兩人對視一眼,若是死了還好,若是落入山匪之手,那便是生不如死,也隻能死了!
“油嘴滑舌!不過是為了自己活命!”這一次,乾瘦男子乾脆未等“老大”說話,自己就搶了先,說完一句,他小手一揮,“兄弟們,上!奪了她的令牌,自然能得一番好前程!”

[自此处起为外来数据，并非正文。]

(* [1_W1 * (n * m) * 1_W2 = 0] for disjoint [W1], [W2], because [n * m] is
   supported on units. *)
Lemma conv_cut_disjoint W1 W2 x : compact_open_units op W1 -> compact_open_units op W2 ->
  (forall y, ~ (W1 y /\ W2 y)) -> conv (cut W1) (cut W2) x = 0.
Proof.
move=> c1 c2 dis.
have u1 := diagonal_units (diagonal_ind R hG c1).
have u2 := diagonal_units (diagonal_ind R hG c2).
have r1 : rfinite (conv m (ind R W1)) by exact: rfinite_conv_units.
have r2 : rfinite (conv m (ind R W2)) by exact: rfinite_conv_units.
have nm2 b : conv n (conv m (ind R W2)) b = conv n m b * ind R W2 (gs b).
  by rewrite -convA // conv_units_r.
have nm2_units : supported_on_units (conv n (conv m (ind R W2))).
  by move=> b; rewrite nm2 => h; apply: nm_units => e; apply: h; rewrite e mul0r.
rewrite /cut convA // convE; apply: fsbig1 => a /= ea.
rewrite conv_units_r // -convA // (@conv_units_l _ _ n (conv n (conv m (ind R W2)))) //.
rewrite nm2 gs_r gr_mulV //.
case: (excluded_middle_informative (W1 (gs a))) => w1.
  by rewrite [ind R W2 _]ind_out ?mulr0 ?mul0r ?mulr0 // => w2; apply: (dis (gs a)).
by rewrite [ind R W1 _]ind_out // mulr0 mul0r.
Qed.

(* For disjoint compact open [W1 \ni s a1] and [W2 \ni s a2] the cut-downs
   [m 1_Wi n] are orthogonal, yet both equal [1] at [r a1 = r a2]. *)
Lemma normaliser_gs_eq a1 a2 : m a1 <> 0 -> m a2 <> 0 -> gr a1 = gr a2 -> gs a1 = gs a2.
Proof.
move=> h1 h2 e; apply: NNPP => ne.
have [W1 [W2 [c1 [c2 [w1 [w2 dis]]]]]] :=
  compact_open_units_sep hG (unit_space_gs a1) (unit_space_gs a2) ne.
have := conv_cut_disjoint (gr a1) c1 c2 dis.
rewrite conv_units_r; last exact: cut_units.
rewrite gs_r conv_cut_gr // e conv_cut_gr // mulr1.
by move/eqP; rewrite oner_eq0.
Qed.

End Normaliser.

Section Cocycle.
Variables (G : groupoid) (op : (G -> Prop) -> Prop) (Gam : groupType) (c : G -> Gam).
Hypothesis hc : cocycle op c.

Lemma cocycleM (a b : G) : gs a = gr b -> c (gmul a b) = (c a * c b)%g.
Proof. by case: hc => h _; apply: h. Qed.

Lemma cocycle_unit (u : G) : unit_space u -> c u = 1%g.
Proof.
move=> hu; have e : gmul u u = u by rewrite -{1}hu gmul_r.
apply: (@mulIg _ (c u)); rewrite mul1g -cocycleM ?e //.
by rewrite gs_unit.
Qed.

Lemma cocycleV (a : G) : c (ginv a) = ((c a)^-1)%g.
Proof.
apply/esym/mulg1_eq; rewrite -cocycleM ?gr_inv // gmulV cocycle_unit //; exact: unit_space_gr.
Qed.

End Cocycle.

Definition ker_isotropy (G : groupoid) (Gam : groupType) (c : G -> Gam) (x : G) : G -> Prop :=
  fun a => c a = 1%g /\ isotropy x a.

Section IsotropyGroupRing.
Variables (G : groupoid) (op : (G -> Prop) -> Prop) (R : idomainType).
Variables (Gam : groupType) (c : G -> Gam).
Hypothesis hc : cocycle op c.
Variable x0 : G.
Hypothesis ux0 : unit_space x0.
Local Notation H := (ker_isotropy c x0).
Local Notation I := (ind R (fun y => y = x0)).
Implicit Types (a b : G) (f h : G -> R).

Lemma ker_isotropy_id : H x0.
Proof. by split; [exact: (cocycle_unit hc ux0) | split; [exact: gs_unit | exact: ux0]]. Qed.

Lemma ker_isotropyM a b : gs a = gr b -> H a -> H b -> H (gmul a b).
Proof.
move=> e [ca [sa ra]] [cb [sb rb]].
split; first by rewrite (cocycleM hc) // ca cb mulg1.
by split; [rewrite gs_mul | rewrite gr_mul].
Qed.

Lemma ker_isotropyVM a b : gr a = gr b -> H a -> H b -> H (gmul (ginv a) b).
Proof.
move=> e [ca [sa ra]] [cb [sb rb]].
split; first by rewrite (cocycleM hc) ?gs_inv // (cocycleV hc) ca cb invg1 mulg1.
by split; [rewrite gs_mul ?gs_inv | rewrite gr_mulV].
Qed.

Lemma gr_elt_finite f : gr_elt H f -> finite_set (supp f).
Proof.
case=> _ [l hl]; apply: (sub_finite_set (B := [set` l])); last exact: finite_seq.
by move=> y /hl /List_In_mem.
Qed.

Lemma gr_elt_rfinite f : gr_elt H f -> rfinite f.
Proof. by move=> /gr_elt_finite fin x; apply: sub_finite_set fin => a []. Qed.

Lemma ind1_units : supported_on_units I.
Proof. by move=> x /ind_neq0 ->. Qed.

Lemma gr_elt_ind1 : gr_elt H I.
Proof.
split; first by move=> y /ind_neq0 ->; exact: ker_isotropy_id.
by exists [:: x0] => y /ind_neq0 ->; left.
Qed.

Lemma conv_ind1r f : gr_elt H f -> conv f I = f.
Proof.
case=> hf _; apply: funext => a; rewrite conv_units_r; last exact: ind1_units.
case: (eqVneq (f a) 0) => [->|/eqP /hf [_ [sa _]]]; first by rewrite mul0r.
by rewrite ind_in ?mulr1.
Qed.

Lemma conv_ind1l f : gr_elt H f -> conv I f = f.
Proof.
case=> hf _; apply: funext => a; rewrite conv_units_l; last exact: ind1_units.
case: (eqVneq (f a) 0) => [->|/eqP /hf [_ [_ ra]]]; first by rewrite mulr0.
by rewrite ind_in ?mul1r.
Qed.

Lemma gr_elt_conv f h : gr_elt H f -> gr_elt H h -> gr_elt H (conv f h).
Proof.
move=> ef eh; have [hf _] := ef; have [hh _] := eh.
have supp_conv y : supp (conv f h) y ->
    exists2 a, supp f a & exists2 b, supp h b & gmul a b = y.
  case/conv_neq0 => a [ea [fa ha]]; exists a => //.
  by exists (gmul (ginv a) y) => //; rewrite gmulKVg.
split.
  move=> y /supp_conv [a /hf Ha [b /hh Hb <-]].
  by apply: ker_isotropyM => //; case: Ha => _ [-> _]; case: Hb => _ [_ ->].
apply: finite_set_List; apply: (sub_finite_set (B := [set gmul a b | a in supp f & b in supp h])).
  by move=> y /supp_conv [a fa [b hb <-]]; exists a => //; exists b.
by apply: finite_image2; exact: gr_elt_finite.
Qed.

Lemma gr_elt_sub f h : gr_elt H f -> gr_elt H h -> gr_elt H (fun x => f x - h x).
Proof.
move=> ef eh; have [hf _] := ef; have [hh _] := eh.
have supp_sub y : supp (fun x => f x - h x) y -> supp f y \/ supp h y.
  rewrite /supp => nz; apply: NNPP => /not_orP [/NNPP f0 /NNPP h0].
  by apply: nz; rewrite f0 h0 subrr.
split; first by move=> y /supp_sub [/hf|/hh].
apply: finite_set_List; apply: (sub_finite_set (B := supp f `|` supp h)); first exact: supp_sub.
by rewrite finite_setU; split; exact: gr_elt_finite.
Qed.

(* A left inverse is two-sided since [f * (h * f - 1) = 0] and [f <> 0]; then
   [f] is a trivial unit [u h0], and [f x0 <> 0] forces [h0 = x0]. *)
Lemma gr_left_invertible_supp f h :
  gr_no_zero_divisors R H -> gr_trivial_units R H x0 ->
  gr_elt H f -> gr_elt H h -> conv f h = I -> f x0 <> 0 ->
  forall k, f k <> 0 -> k = x0.
Proof.
move=> hND hTU ef eh fh fx0.
have rf := gr_elt_rfinite ef; have rh := gr_elt_rfinite eh.
pose d x := conv h f x - I x.
have fd : conv f d = zerof R.
  apply: funext => x; rewrite /d convB // -convA // fh conv_ind1l // conv_ind1r //.
  exact: subrr.
have hf : conv h f = I.
  case: (hND f d ef (gr_elt_sub (gr_elt_conv eh ef) gr_elt_ind1) fd) => [f0|d0].
    by case: fx0; rewrite f0.
  by apply: funext => x; apply/eqP; rewrite -subr_eq0; exact/eqP/(congr1 (fun d => d x) d0).
have [u [h0 [_ fE]]] := hTU f ef (ex_intro _ h (conj eh (conj fh hf))).
have supp_f k : f k <> 0 -> k = h0.
  by rewrite fE; apply: contra_notP => kh; rewrite ind_out ?mulr0.
by move=> k /supp_f ->; rewrite -(supp_f x0 fx0).
Qed.

End IsotropyGroupRing.

Section NormaliserIsotropy.
Variables (G : groupoid) (op : (G -> Prop) -> Prop) (R : idomainType).
Hypothesis hG : ample_hausdorff op.
Variables (Gam : groupType) (c : G -> Gam).
Hypothesis hc : cocycle op c.
Variables (g : Gam) (m n : G -> R).
Hypothesis hN : normaliser op m n.
Hypothesis hmg : forall x, m x <> 0 -> c x = g.
Variable a1 : G.
Hypothesis ma1 : m a1 <> 0.
Local Notation x0 := (gr a1).
Local Notation H := (ker_isotropy c x0).
Local Notation I := (ind R (fun y => y = x0)).
Implicit Types (a b eta : G).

他是想著要去殺良冒功後去尋鎮國侯府的報信,說人死了,他們救援不及時,但是還可以去收屍,或者他們假扮路過的人送屍身……
京城權貴多,有人送屍身,就算是侯府,也要對他們說一聲多謝,到時候他們再提些要求,也是可以上岸的。
一群人聽到乾瘦男子的話,也不等那老大再說什麼,一群人舉著大刀,哇哇叫著就朝著馬車衝了過來。
飛絮心一緊,手中的藥粉一把撒了出去,“不好!有毒!”跑在最前方的一名男子大喊一聲,一手捂著眼睛就往後衝,恰好碰上後麵男子舉著的大刀。
“啊——”聲一片,藥粉讓迎麵跑過來的山匪皆中了毒,一個個捂著眼睛,老大大喊一聲:“如此惡婦,居然還妄想欺騙我等!”他看藥粉散了些,趕緊往前衝。
車伕已經嚇得跑下了馬,大喊了一聲:“我不是主家”,反身就往外跑,山匪自然知曉誰是主角,也不去追那個車伕,隻朝著馬車衝來。
飛絮已經閃身進了車廂,拉著路玲玉的手,叮囑了飛雪一句“跟上”,說完便往外衝,手中的劍直接往外一掃,近了馬車前的人儘數被劍鋒掃到,往後翻了三人。
一刀從三人身後劈過來,飛絮的劍正往另一個方向擋,她一手拉著緊張的路玲玉,很是不好活動,而路玲玉,儘管很怕,也在儘可能配合,無奈她還是拖了後腿。
“啊——”一聲叫喊從飛雪口中響起,飛雪用後背擋住了衝著路玲玉來的刀,路玲玉一聲驚呼,伸手一拉飛雪,飛絮的劍這才刺向了前方。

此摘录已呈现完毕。